Lawson was working overnight as the village's emergency medical technician when federal agents arrested a dozen people on suspicion of selling scores of assault rifles to Mexican cartels. Locals joked it was the first successful assault here since Mexican marauder Pancho Villa's forces raided the enclave in 1916.

Robert Gutierrez, the father of the trustee nabbed in the sting and a former trustee himself, replaced Espinoza for a few months. None of the three trustees left, including Gutierrez, wanted to be mayor, but the village had no money for a special election, so the village board decided to appoint someone.

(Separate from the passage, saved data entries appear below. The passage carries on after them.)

(* Let $G$ be a simple and nonabelian finite subgroup of $\mathrm{PGL}(3,\mathbb{C})$. Then there is a subgroup $\widetilde{G} \subset \mathrm{SL}(3,\mathbb{C})$ with $\pi(\widetilde{G}) = G$ such that every projective plane curve invariant under $G$ is defined by a homogeneous polynomial invariant under $\widetilde{G}$.
   Context: $\pi : \mathrm{SL}(3,\mathbb{C})\to\mathrm{PGL}(3,\mathbb{C})$ is the natural homomorphism, and $\mathrm{PGL}(3,\mathbb{C})$ acts on $\mathbb{P}^2$ via $[A]\cdot(a:b:c) = [A(a,b,c)^t]$. A projective plane curve is a nonzero effective divisor on $\mathbb{P}^2$; it is invariant under $G$ if $\sigma_* C = C$ for all $\sigma \in G$. For $A \in \mathrm{GL}(3,\mathbb{C})$ and a homogeneous polynomial $f$, set $f^A(\mathbf{x}) = f(A\mathbf{x})$ (with $\mathbf{x}$ the column vector $(x,y,z)^t$); $f$ is invariant under $\widetilde{G}$ if $f^A = f$ for all $A \in \widetilde{G}$. A curve $C$ is defined by $f$ if $C$ is the divisor of zeros of $f$. *)

From HB Require Import structures.
From mathcomp Require Import all_boot all_order all_algebra all_fingroup all_solvable.
From mathcomp Require Import reals.
From mathcomp Require Import complex.
From mathcomp Require Import mpoly.
Set Implicit Arguments. Unset Strict Implicit. Unset Printing Implicit Defensive.
Import GRing.Theory.
Local Open Scope ring_scope.

(* The complex numbers are modelled as R[i] = complex R for a realType R
   (any realType is (isomorphic to) the real numbers). *)

(* Ternary forms: polynomials in x, y, z (variables 'X_0, 'X_1, 'X_2). *)
Notation poly3 C := {mpoly C[3]}.

(* f^A (x) = f (A x), with x the column vector (x, y, z)^t :
   substitute 'X_i := \sum_j A i j 'X_j. *)
Definition mx_act (C : comNzRingType) (A : 'M[C]_3) (f : poly3 C) : poly3 C :=
  f \mPo [tuple \sum_(j < 3) A i j *: 'X_j | i < 3].

Definition mdvd (C : comNzRingType) (p q : poly3 C) : Prop :=
  exists r : poly3 C, q = r * p.

(* units of C[x,y,z] (C a field) are the nonzero constants, i.e. msize = 1 *)
Definition mirreducible (C : comNzRingType) (p : poly3 C) : Prop :=
  (1 < msize p)%N /\
  forall a b : poly3 C, p = a * b -> (msize a <= 1)%N \/ (msize b <= 1)%N.

(* The divisor of zeros of a nonzero form f on P^2 is
   sum_p ord_p(f) [V(p)] over irreducible (homogeneous) p up to scalars;
   two divisors of zeros are equal iff all these multiplicities agree. *)
Definition same_divisor (C : comNzRingType) (f g : poly3 C) : Prop :=
  forall p : poly3 C, mirreducible p ->
    forall k : nat, mdvd (p ^+ k) f <-> mdvd (p ^+ k) g.

(* Push-forward of the divisor of zeros of f under the automorphism [A] of P^2:
   [A]_* div(f) = div(f^{A^{-1}}). *)
Definition pushforward_poly (C : fieldType) (A : 'M[C]_3) (f : poly3 C) :=
  mx_act (invmx A) f.

(* Equality in PGL(3,C) (for invertible matrices): A ~ B iff A = c B, c != 0 *)
Definition proj_eq (C : fieldType) (A B : 'M[C]_3) : Prop :=
  exists c : C, c != 0 /\ A = c *: B.

(* A finite subgroup of PGL(3,C), given as a finite group gT together with an
   injective group homomorphism gT -> PGL(3,C), described by a choice of
   representative matrices rho g (a faithful projective representation). *)
Definition proj_faithful_rep (C : fieldType) (gT : finGroupType)
  (rho : gT -> 'M[C]_3) : Prop :=
  [/\ forall g, rho g \in unitmx,
      forall g h, proj_eq (rho (g * h)%g) (rho g *m rho h)
    & forall g, proj_eq (rho g) 1%:M -> g = 1%g].

Definition SL3_subgroup (C : fieldType) (Gt : 'M[C]_3 -> Prop) : Prop :=
  [/\ Gt 1%:M,
      forall A B, Gt A -> Gt B -> Gt (A *m B),
      forall A, Gt A -> Gt (invmx A)
    & forall A, Gt A -> \det A = 1].

Definition proj_image_eq (C : fieldType) (gT : finGroupType)
  (rho : gT -> 'M[C]_3) (Gt : 'M[C]_3 -> Prop) : Prop :=
  (forall A, Gt A -> exists g, proj_eq A (rho g)) /\
  (forall g, exists A, Gt A /\ proj_eq A (rho g)).

(* Representatives in GL(3) of the elements of G are defined only up to
   scalars, but the commutator A^-1 B^-1 A B of two representatives is not, and
   it has determinant 1.  A simple nonabelian group is perfect, so the products
   of such commutators form a subgroup Gt of SL(3) that maps onto G.  If the
   divisor of f is G-invariant then, by unique factorization in C[x,y,z]
   (obtained from Gauss's lemma), f^A = a f for every representative A; the
   scalars cancel in each commutator, so f itself is invariant under Gt. *)

From HB Require Import structures.
From mathcomp Require Import all_boot all_order all_algebra all_fingroup all_solvable.
From mathcomp Require Import reals.
From mathcomp Require Import complex.
From mathcomp Require Import mpoly.
From mathcomp Require Import boolp fraction generic_quotient.
From mathcomp Require Import zify ring.
Set Implicit Arguments. Unset Strict Implicit. Unset Printing Implicit Defensive.
Import GRing.Theory.
Local Open Scope ring_scope.

Section Divisibility.
Variable R : idomainType.
Implicit Types a b c p q : R.

Definition dvdr a b : Prop := exists r, b = r * a.

Definition irreducibler p : Prop :=
  [/\ p != 0, p \isn't a GRing.unit &
      forall a b, p = a * b -> a \is a GRing.unit \/ b \is a GRing.unit].

Definition irreducibles_prime : Prop :=
  forall p, irreducibler p -> forall a b, dvdr p (a * b) -> dvdr p a \/ dvdr p b.

Definition factor_measure (mu : R -> nat) : Prop :=
  (forall a b, a != 0 -> b != 0 -> mu (a * b) = (mu a + mu b)%N) /\
  (forall a, a != 0 -> mu a = 0%N <-> a \is a GRing.unit).

(* Existence of factorizations is encoded by a measure that strictly
   decreases along proper divisors, uniqueness by the primality of irreducibles. *)
Definition ufd : Prop := (exists mu, factor_measure mu) /\ irreducibles_prime.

But who? The village is 85 percent Latino, mostly blue-collar folks with family over the border in the sister town of Palomas.

Residents mind their own business and keep their doors closed. The trustees passed over Skinner for Lawson, who had worked as a clerk for Espinoza. Reaction was swift, with Skinner's supporters alleging Lawson was part of Espinoza's corrupt cabal. "Gossip flies fast in this place," Lawson said. "It hurt me but I tried to ignore it."

Lawson has her supporters, though. "She's doing the best she can with what she has to work with," says Art Miller, a mechanic who wonders aloud why people go into local politics in the first place. He turns to Lawson. "You'll be free pretty soon." "Fifty-seven days," she says.

Miller offers a bit of consolation to the village's accidental mayor: "It'll be like you're out of jail."